Madelung Disease

December 1, 2006

For years, a 46-year-old African American woman had had progressive weight gain (despite a low-calorie diet), fatigue, and severe muscle cramps. On examination, Mandeep Hundal, MD, Rashid Khan, MD, Rajeev Garg, MD, and Niraj Mehta, MD, of the University of Texas Health Science Center at Houston, noted symmetrically distributed fatty lumps in the patient's neck, axillary and mammary regions, and proximal segments of the arms and legs. These findings are characteristic of Madelung disease, which is also known as multiple symmetric lipomatosis (MSL) or Launois-Bensaude syndrome.

 

For years, a 46-year-old African American woman had had progressive weight gain (despite a low-calorie diet), fatigue, and severe muscle cramps. On examination, Mandeep Hundal, MD, Rashid Khan, MD, Rajeev Garg, MD, and Niraj Mehta, MD, of the University of Texas Health Science Center at Houston, noted symmetrically distributed fatty lumps in the patient's neck, axillary and mammary regions, and proximal segments of the arms and legs. These findings are characteristic of Madelung disease, which is also known as multiple symmetric lipomatosis (MSL) or Launois-Bensaude syndrome.

Unlike common lipomas, the benign, fatty masses of MSL are not enclosed within a membranous capsule; because of this characteristic and the absolute symmetry of the masses, the condition is often dismissed as obesity. The disease is more frequently diagnosed in the Mediterranean region, where the incidence is 1:25,000. It usually occurs in men with high alcohol intake.

This patient had the most common variant of the disease, type I, which is characterized by circumscribed, symmetric masses in the upper body that frequently affect mediastinal and intrathoracic structures. The lipomas in type I MSL appear most often in the neck and nucha, shoulders, axillary and mammary regions, and proximal segments of the arms and legs.1 The distal parts of the arms and legs are generally spared.

MSL is associated with a typical sensory-motor or autonomic neuropathy. Systemic muscle damage has also been described. MSL is also associated with adult-onset asthma; glucose intolerance; GI disorders; and foot ailments, such as plantar ulcers and spontaneous small bone fractures.2 This patient had a history of glucose intolerance and asthma.

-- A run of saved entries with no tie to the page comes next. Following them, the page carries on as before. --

Lemma counitl x : \sum_(p <- D x) e p.1 *: p.2 = x.
Proof. by case: hopf => _ [_ [_ []]]. Qed.

Lemma comul_mul b : bilinear_form b -> forall x y,
  ev2 b (D (x * y)) = \sum_(p <- D x) \sum_(q <- D y) b (p.1 * q.1) (p.2 * q.2).
Proof. by case: hopf => _ [_ [_ [_ [_ [Dmul _]]]]]; apply: Dmul. Qed.

Lemma comul1 : teq2 (D 1) [:: (1, 1)].
Proof. by case: hopf => _ [_ [_ [_ [_ [_ []]]]]]. Qed.

Lemma antipode_linear : linear S.
Proof. by case: hopf => _ [_ [_ [_ [_ [_ [_ [_ [_ []]]]]]]]]. Qed.

Lemma antipodel x : \sum_(p <- D x) S p.1 * p.2 = e x *: 1.
Proof. by case: hopf => _ [_ [_ [_ [_ [_ [_ [_ [_ [_ []]]]]]]]]]. Qed.

Lemma antipoder x : \sum_(p <- D x) p.1 * S p.2 = e x *: 1.
Proof. by case: hopf => _ [_ [_ [_ [_ [_ [_ [_ [_ [_ []]]]]]]]]]. Qed.

Lemma grouplike_counit g : grouplike D g -> e g = 1.
Proof.
move=> [gn0 Dg]; have : e g *: g = g.
  rewrite -[RHS](counitl g) (teq2_sum (F := fun u z => e u *: z) _ _ Dg) ?big_seq1 //.
  - by move=> z a x y; rewrite counit_scalar scalerDl scalerA.
  - by move=> z a x y; rewrite scalerDr !scalerA mulrC.
move=> /eqP; rewrite -subr_eq0 -[X in _ - X]scale1r -scalerBl scaler_eq0 subr_eq0.
by case/orP=> /eqP.
Qed.

Lemma grouplike_antipodel g : grouplike D g -> S g * g = 1.
Proof.
move=> gl; have [_ Dg] := gl.
rewrite -[RHS]scale1r -(grouplike_counit gl) -antipodel.
rewrite (teq2_sum (F := fun u z => S u * z) _ _ Dg) ?big_seq1 //.
- by move=> z a x y; rewrite antipode_linear mulrDl scalerAl.
- by move=> z a x y; rewrite mulrDr scalerAr.
Qed.

Lemma grouplike_antipoder g : grouplike D g -> g * S g = 1.
Proof.
move=> gl; have [_ Dg] := gl.
rewrite -[RHS]scale1r -(grouplike_counit gl) -antipoder.
rewrite (teq2_sum (F := fun u z => u * S z) _ _ Dg) ?big_seq1 //.
- by move=> z a x y; rewrite mulrDl scalerAl.
- by move=> z a x y; rewrite antipode_linear mulrDr scalerAr.
Qed.

Lemma comul_mull k y (b : H -> H -> K) : grouplike D k -> bilinear_form b ->
  ev2 b (D (k * y)) = ev2 (fun u z => b (k * u) (k * z)) (D y).
Proof.
move=> [_ Dk] [bl br]; rewrite comul_mul //.
have := Dk (fun u z => \sum_(q <- D y) b (u * q.1) (z * q.2)).
rewrite /ev2 big_seq1 => -> //.
by split=> a x x' z; rewrite mulr_sumr -big_split; apply: eq_bigr => q _;
  rewrite mulrDl -scalerAl ?bl ?br.
Qed.

Lemma grouplike_mul g h : grouplike D g -> grouplike D h -> grouplike D (g * h).
Proof.
move=> gl [hn0 Dh]; split=> [gh0|b bb].
  by apply: hn0; rewrite -[h]mul1r -(grouplike_antipodel gl) -mulrA gh0 mulr0.
by rewrite (comul_mull _ gl bb) (Dh _ (bilinear_form_mull _ bb)) /ev2 !big_seq1.
Qed.

Lemma grouplike_antipode g : grouplike D g -> grouplike D (S g).
Proof.
move=> gl; have [Sgg gSg] := (grouplike_antipodel gl, grouplike_antipoder gl).
split=> [Sg0|b bb]; first by move/eqP: gSg; rewrite Sg0 mulr0 eq_sym oner_eq0.
have bSg := bilinear_form_mull (S g) bb.
rewrite /ev2 big_seq1; have := comul_mull (S g) gl bSg.
rewrite gSg (comul1 bSg) /ev2 big_seq1 /= !mulr1 => ->.
by apply: eq_bigr => p _; rewrite !mulrA Sgg !mul1r.
Qed.

Lemma skewprim_mull k g h x : grouplike D k -> skewprim D g h x ->
  skewprim D (k * g) (k * h) (k * x).
Proof.
move=> kl Px b bb; rewrite (comul_mull _ kl bb) (Px _ (bilinear_form_mull _ bb)).
by rewrite /ev2 !big_cons !big_nil.
Qed.

End HopfAlgebra.

Section ExtQuiver.
Variables (K : fieldType) (H : algType K).
Variables (D : H -> seq (H * H)) (e : H -> K) (S : H -> H).
Hypothesis hopf : is_hopf D e S.
Variable B : H -> H -> H -> Prop.
Hypothesis hB :
  forall g h, grouplike D g -> grouplike D h -> quotient_basis D g h (B g h).

Lemma arrows_card_le_mull g h k :
  grouplike D g -> grouplike D h -> grouplike D k ->
  (B g h #<= B (k * g) (k * h))%card.
Proof.
move=> gl hl kl; have [Bskew [freeB _]] := hB gl hl.
have [_ [_ spanB]] := hB (grouplike_mul hopf kl gl) (grouplike_mul hopf kl hl).
have mulK : cancel (k \*o idfun) (S k \*o idfun).
  by move=> x /=; rewrite mulrA (grouplike_antipodel hopf kl) mul1r.
rewrite -(card_le_eql (inj_card_eq (in2W (can_inj mulK)))).
have freekB : free_mod (k * g - k * h) [set k * b | b in B g h].
  by rewrite -mulrBr; apply: (free_mod_image mulK freeB).
apply: (free_mod_card_le freekB).
by move=> _ [b Bb <-]; apply: spanB; apply: (skewprim_mull hopf kl (Bskew b Bb)).
Qed.

Variables (v : H) (vl : grouplike D v).
Local Notation mirror g := (v * S g * v).

Lemma grouplike_mirror g : grouplike D g -> grouplike D (mirror g).
Proof.
move=> gl; have vSg := grouplike_mul hopf vl (grouplike_antipode hopf gl).
exact: (grouplike_mul hopf vSg vl).
Qed.

Lemma mirror_inj : set_inj (grouplike D) (fun g => mirror g).
Proof.
move=> g g' /set_mem gl /set_mem gl' eq_mirror.
have [Svv vSv] := (grouplike_antipodel hopf vl, grouplike_antipoder hopf vl).
have unmirror x : S v * (v * x * v) * S v = x.
  by rewrite !mulrA Svv mul1r -mulrA vSv mulr1.
have eqS : S g = S g' by rewrite -(unmirror (S g)) eq_mirror unmirror.
rewrite -[g]mulr1 -(grouplike_antipodel hopf gl') -eqS mulrA.
by rewrite (grouplike_antipoder hopf gl) mul1r.
Qed.

Lemma in_arrows_card_le g : grouplike D g -> (B g v #<= B v (mirror g))%card.
Proof.
move=> gl; have Sgl := grouplike_antipode hopf gl.
have := arrows_card_le_mull gl vl (grouplike_mul hopf vl Sgl).
by rewrite -mulrA (grouplike_antipodel hopf gl) mulr1.
Qed.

The pathogenesis of MSL is unknown, although it may originate in brown adipose tissue, which produces heat in response to cold exposure or after eating.3 This mechanism seems to be defective in MSL adipocytes, prompting an accumulation of lipids.4-6

The location of the masses, a history of weight gain even with reduced calorie intake, extreme fatigue, myalgia, hypersensitivity to touch or minor trauma, weakness of the extremities, and severe unexplained cramping over the sites where the lipomatous masses commonly develop signal the need for further investigation. Blood study results are usually normal. CT and MRI (in particular) demonstrate the presence of the masses. Biopsy of a fatty mass with underlying muscle tissue, and the identification of specific pathology in both, confirms the diagnosis. In this patient, biopsy results showed nonencapsulated adipose tissue between the collagen fibers; in some areas, the tissue extended to the most superficial zones of the reticular dermis.

In many cases, surgical intervention is complicated because the nonencapsulated lipomas tend to invade the surrounding tissue and structures. After debulking surgery, the tumors may recur within a short period. Liposuction is another option, although it is recommended only for those who have had the surgery. This patient refused surgery. *

References:

REFERENCES:1. Enzi G. Multiple symmetric lipomatosis: an updated clinical report. Medicine (Baltimore). 1984;63:56-64.
2. Coin A, Enzi G, Bussolotto M, et al. Multiple symmetric lipomatosis evidence for mitochondrial dysfunction. J Clin Neuromusc Dis. 2000;1:124-130.
3. Rothwell NJ, Stock MJ. A role of brown adipose tissue in diet-induced thermogenesis. Obes Res. 1997;5:650-656.
4. Zancanaro C, Sbarbati A, Morroni M, et al. Multiple symmetric lipomatosis. Ultrastructural investigation of the tissue and preadipocytes in primary culture. Lab Invest. 1990;63:253-258.
5. Enzi G, Inelmen EM, Baritussio A, et al. Multiple symmetric lipomatosis: a defect in adrenergic-stimulated lipolysis. J Clin Invest. 1977;60:1221-1229.
6. Desai KS, Zinman B, Steiner G. Multiple symmetric lipomatosis (Launois-Bensaude syndrome) - adipose tissue insensitivity to cyclic AMP. J Clin Endocrinol Metab. 1979;49:307-309.